(* Given the stochastic system, a PRTL formula $\varphi$, and a prior belief state $b_0\sim\mathcal N(\hat x_{init},\Sigma_{init})$ (as in the context), Algorithm idPRTL finds a path $\rho_H$ only if $\rho_H\models\varphi$.
   Context: System: $x_{k+1}=Ax_k+Bu_k+\sqrt W\xi$, $y_k=Cx_k+\sqrt{V_k}\xi$, $\xi\sim\mathcal N(0,I_n)$, $x\in\mathbb R^n$, $u\in U=\{H_uu\ge c_u\}$ a full-dimensional polytope, $(A,B)$ stabilisable, $W\succeq0$, $V_k\succeq0$ possibly state dependent. Beliefs $b_k\sim\mathcal N(\hat x_k,\Sigma_k)$; a path is the belief sequence $\rho=b_0b_1\dots$; planning uses the MLO belief dynamics $\hat x_{k+1}=A\hat x_k+Bu_k$, $\Sigma_{k+1}=\bar\Sigma_k-K_kC\bar\Sigma_k$, $\bar\Sigma_k=A\Sigma_kA^\top+W$, $K_k=\bar\Sigma_kC^\top(C\bar\Sigma_kC^\top+V_k)^{-1}$. PRTL: $\varphi::=\pi\mid\neg\pi\mid\varphi_1\wedge\varphi_2\mid\varphi_1\vee\varphi_2\mid\varphi_1\mathcal U\varphi_2\mid\varphi_1\mathcal R\varphi_2$, predicates $\pi$ given by tolerance $\epsilon\in[0,1]$ and $g(x)=c-a^\top x$; $\rho\models_k\pi$ iff $P(g(x_k)\ge0)>1-\epsilon$ (equivalently $a^\top\hat x_k-\Phi^{-1}(\epsilon)\|\sqrt{\Sigma_k}a\|_2<c$), $\rho\models_k\neg\pi$ iff $P(-g(x_k)\ge0)>1-\epsilon$; Boolean connectives as usual; $\rho\models_k\varphi_1\mathcal U\varphi_2$ iff $\exists k'\ge k$, $\rho\models_{k'}\varphi_2$ and $\rho\models_{k''}\varphi_1$ for all $k\le k''\le k'$; $\rho\models_k\varphi_1\mathcal R\varphi_2$ iff ($\exists k'\ge k$ with $\rho\models_{k'}\varphi_1$ and $\rho\models_{k''}\varphi_2$ for all $k\le k''\le k'$) or $\rho\models_{k'}\varphi_2$ for all $k'\ge k$; $\rho\models\varphi$ iff $\rho\models_0\varphi$. Abstraction $M_\varphi$: a finite Kripke structure whose states are convex regions $\mathcal P_i$ of belief space (each the set of beliefs satisfying a subset of the predicates), labeled by the state subformulas of $\varphi$ valid on the whole region, with initial state the abstraction of $b_0$ and transitions between regions whose bounding polytopes (possibly enlarged by neighbouring regions with the same label) intersect; $\tilde\varphi$ is $\varphi$ with its state subformulas replaced by atomic propositions. Algorithm idPRTL: build $M_\varphi$ and $\tilde\varphi$; while bounded model checking (BMC) finds a discrete path $\mathbb P_K=\mathcal P_0\dots\mathcal P_{L-1}(\mathcal P_L\dots\mathcal P_K)^\omega$ of $M_\varphi$ satisfying $\tilde\varphi$: run the sampling-based feasibility search fSearch on $\mathbb P_K$, which searches (by propagating only valid segments of the MLO dynamics) for a belief path starting at $b_0$ that satisfies, at each instant $k$, the convex constraints of the region $\mathcal P_{\mathbb I(k)}$ of $\mathbb P_K$ ($\mathbb I$ increasing index function), with loop-closing conditions $\hat x_H=\hat x_{\mathbb I(L)}$, $\Sigma_H\le\Sigma_{\mathbb I(L)}$ if $L\le K$; if feasible, return the path and inputs; otherwise replace $M_\varphi$ by its product with the complement of $\mathbb P_K$. If BMC finds no path, return infeasible. *)

From HB Require Import structures.
From mathcomp Require Import all_boot all_order all_algebra.
From mathcomp Require Import all_classical all_reals all_analysis.
From Stdlib Require List.

Set Implicit Arguments.
Unset Strict Implicit.
Unset Printing Implicit Defensive.

Import Order.TTheory GRing.Theory Num.Theory.
Import numFieldNormedType.Exports.
Local Open Scope classical_set_scope.
Local Open Scope ring_scope.

Definition psd {R : realType} {n : nat} (M : 'M[R]_n) : Prop :=
  M^T = M /\ forall v : 'cV[R]_n, 0 <= (v^T *m M *m v) 0 0.

Definition loewner_le {R : realType} {n : nat} (S1 S2 : 'M[R]_n) : Prop :=
  psd (S2 - S1).

Definition inU {R : realType} {m r : nat} (Hu : 'M[R]_(r, m)) (cu : 'cV[R]_r)
  (u : 'cV[R]_m) : Prop := forall i, cu i 0 <= (Hu *m u) i 0.

Definition full_dim_polytope {R : realType} {m r : nat}
  (Hu : 'M[R]_(r, m)) (cu : 'cV[R]_r) : Prop :=
  (exists M : R, forall u : 'cV[R]_m, inU Hu cu u -> forall j, `|u j 0| <= M) /\
  (exists u0 : 'cV[R]_m, exists e : R, 0 < e /\
     forall u : 'cV[R]_m, (forall j, `|u j 0 - u0 j 0| < e) -> inU Hu cu u).

Definition stabilisable {R : realType} {n m : nat}
  (A : 'M[R]_n) (B : 'M[R]_(n, m)) : Prop :=
  exists K : 'M[R]_(m, n), forall (x : 'cV[R]_n) (i : 'I_n),
    (fun k : nat => (iter k (mulmx (A + B *m K)) x) i 0) @ \oo --> (0 : R).

Record belief (R : realType) (n : nat) := Belief {
  bmean : 'cV[R]_n ;
  bcov  : 'M[R]_n
}.
Arguments Belief {R n}.
Arguments bmean {R n}.
Arguments bcov {R n}.

(* one step of the maximum-likelihood-observation belief dynamics;
   the (possibly state dependent) noise covariance V_k is V (\hat x_k). *)
Definition mlo {R : realType} {n m q : nat}
  (A : 'M[R]_n) (B : 'M[R]_(n, m)) (C : 'M[R]_(q, n)) (W : 'M[R]_n)
  (V : 'cV[R]_n -> 'M[R]_q) (b : belief R n) (u : 'cV[R]_m) : belief R n :=
  let Sb := A *m bcov b *m A^T + W in
  let K := Sb *m C^T *m invmx (C *m Sb *m C^T + V (bmean b)) in
  Belief (A *m bmean b + B *m u) (Sb - K *m C *m Sb).

(* predicate pi given by tolerance eps and g(x) = c - a^T x *)
Record prtl_pred (R : realType) (n : nat) := PPred {
  peps : R ;
  pa   : 'cV[R]_n ;
  pc   : R
}.
Arguments peps {R n}.
Arguments pa {R n}.
Arguments pc {R n}.

(* formulas in negation normal pform over atoms of type P *)
Inductive pform (P : Type) : Type :=
| FAtom of P
| FNAtom of P
| FAnd of pform P & pform P
| FOr of pform P & pform P
| FUntil of pform P & pform P
| FRelease of pform P & pform P.
Arguments FAtom {P}.
Arguments FNAtom {P}.
Arguments FAnd {P}.
Arguments FOr {P}.
Arguments FUntil {P}.
Arguments FRelease {P}.

Fixpoint sat {P : Type} (va vn : nat -> P -> Prop) (k : nat) (f : pform P)
  : Prop :=
  match f with
  | FAtom p => va k p
  | FNAtom p => vn k p
  | FAnd f1 f2 => sat va vn k f1 /\ sat va vn k f2
  | FOr f1 f2 => sat va vn k f1 \/ sat va vn k f2
  | FUntil f1 f2 => exists k', (k <= k')%N /\ sat va vn k' f2 /\
      forall k'', (k <= k'' <= k')%N -> sat va vn k'' f1
  | FRelease f1 f2 =>
      (exists k', (k <= k')%N /\ sat va vn k' f1 /\
         forall k'', (k <= k'' <= k')%N -> sat va vn k'' f2)
      \/ (forall k', (k <= k')%N -> sat va vn k' f2)
  end.

(* bounded (no-loop) semantics on a finite path of positions 0..K, as used by
   bounded model checking for loop-free witnesses *)
Fixpoint sat_fin {P : Type} (va vn : nat -> P -> Prop) (K k : nat) (f : pform P)
  : Prop :=
  match f with
  | FAtom p => va k p
  | FNAtom p => vn k p
  | FAnd f1 f2 => sat_fin va vn K k f1 /\ sat_fin va vn K k f2
  | FOr f1 f2 => sat_fin va vn K k f1 \/ sat_fin va vn K k f2
  | FUntil f1 f2 => exists k', (k <= k' <= K)%N /\ sat_fin va vn K k' f2 /\
      forall k'', (k <= k'' <= k')%N -> sat_fin va vn K k'' f1
  | FRelease f1 f2 => exists k', (k <= k' <= K)%N /\ sat_fin va vn K k' f1 /\
      forall k'', (k <= k'' <= k')%N -> sat_fin va vn K k'' f2
  end.

(* probability that a scalar Gaussian N(mu, v) lies in the set S
   (v = 0: the degenerate Dirac law at mu) *)
Definition gauss1_prob {R : realType} (mu v : R) (S : set R) : \bar R :=
  if 0 < v then normal_prob mu (Num.sqrt v) S else (\1_S mu)%:E.

(* For x ~ N(\hat x, Sigma), the scalar a^T x ~ N(a^T \hat x, a^T Sigma a). *)
Definition lin_mean {R : realType} {n : nat} (b : belief R n) (a : 'cV[R]_n) : R :=
  (a^T *m bmean b) 0 0.
Definition lin_var {R : realType} {n : nat} (b : belief R n) (a : 'cV[R]_n) : R :=
  (a^T *m bcov b *m a) 0 0.

(* b |= pi   iff  P(g(x) >= 0) > 1 - eps,  i.e. P(a^T x <= c) > 1 - eps *)
Definition pred_sat {R : realType} {n : nat} (b : belief R n) (p : prtl_pred R n)
  : Prop :=
  ((1 - peps p)%:E < gauss1_prob (lin_mean b (pa p)) (lin_var b (pa p))
                        `]-oo, pc p])%E.

(* b |= ~pi  iff  P(-g(x) >= 0) > 1 - eps,  i.e. P(a^T x >= c) > 1 - eps *)
Definition npred_sat {R : realType} {n : nat} (b : belief R n) (p : prtl_pred R n)
  : Prop :=
  ((1 - peps p)%:E < gauss1_prob (lin_mean b (pa p)) (lin_var b (pa p))
                        `[pc p, +oo[)%E.

Definition prtl_sat {R : realType} {n : nat} (rho : nat -> belief R n) (k : nat)
  (f : pform (prtl_pred R n)) : Prop :=
  sat (fun k p => pred_sat (rho k) p) (fun k p => npred_sat (rho k) p) k f.

Definition prtl_models {R : realType} {n : nat} (rho : nat -> belief R n)
  (f : pform (prtl_pred R n)) : Prop := prtl_sat rho 0 f.

Definition bsat {R : realType} {n : nat} (b : belief R n)
  (f : pform (prtl_pred R n)) : Prop := prtl_sat (fun _ => b) 0 f.

Fixpoint preds_of {P : Type} (f : pform P) : list P :=
  match f with
  | FAtom p | FNAtom p => p :: nil
  | FAnd f1 f2 | FOr f1 f2 | FUntil f1 f2 | FRelease f1 f2 =>
      preds_of f1 ++ preds_of f2
  end.

Fixpoint lits_of {P : Type} (f : pform P) : list (pform P) :=
  match f with
  | FAtom p => FAtom p :: nil
  | FNAtom p => FNAtom p :: nil
  | FAnd f1 f2 | FOr f1 f2 | FUntil f1 f2 | FRelease f1 f2 =>
      lits_of f1 ++ lits_of f2
  end.

Fixpoint is_state {P : Type} (f : pform P) : bool :=
  match f with
  | FAtom _ | FNAtom _ => true
  | FAnd f1 f2 | FOr f1 f2 => is_state f1 && is_state f2
  | FUntil _ _ | FRelease _ _ => false
  end.

(* phi~ : phi with its (maximal) state subformulas replaced by atomic
   propositions (the atom is the replaced state subformula itself) *)
Fixpoint tilde {P : Type} (f : pform P) : pform (pform P) :=
  if is_state f then FAtom f else
  match f with
  | FAtom _ | FNAtom _ => FAtom f
  | FAnd f1 f2 => FAnd (tilde f1) (tilde f2)
  | FOr f1 f2 => FOr (tilde f1) (tilde f2)
  | FUntil f1 f2 => FUntil (tilde f1) (tilde f2)
  | FRelease f1 f2 => FRelease (tilde f1) (tilde f2)
  end.

Definition state_subs {P : Type} (f : pform P) : list (pform P) :=
  preds_of (tilde f).

Record kripke (R : realType) (n : nat) := Kripke {
  kst : finType ;
  kinit : kst ;
  ktrans : rel kst ;
  kregion : kst -> set (belief R n) ;
  klabel : kst -> pform (prtl_pred R n) -> Prop
}.
Arguments kinit {R n}.
Arguments ktrans {R n}.
Arguments kregion {R n}.
Arguments klabel {R n}.

(* M is an abstraction of phi with initial belief b0, as described:
   - the initial state is the abstraction of b0;
   - each region is the set of beliefs satisfying a subset of the
     (possibly negated) predicates of phi;
   - each state is labelled by exactly the state subformulas of phi valid on
     the whole region.
   (Transitions are left arbitrary.) *)
Definition is_abstraction {R : realType} {n : nat} (M : kripke R n)
  (phi : pform (prtl_pred R n)) (b0 : belief R n) : Prop :=
  kregion M (kinit M) b0 /\
  (forall s, exists ls : list (pform (prtl_pred R n)),
      (forall l, List.In l ls -> List.In l (lits_of phi)) /\
      kregion M s = [set b | forall l, List.In l ls -> bsat b l]) /\
  (forall s psi, klabel M s psi <->
      (List.In psi (state_subs phi) /\ forall b, kregion M s b -> bsat b psi)).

Task prompt - Return each line of the listing that holds the word "Unset".

Reply to the task -
Unset Strict Implicit.
Unset Printing Implicit Defensive.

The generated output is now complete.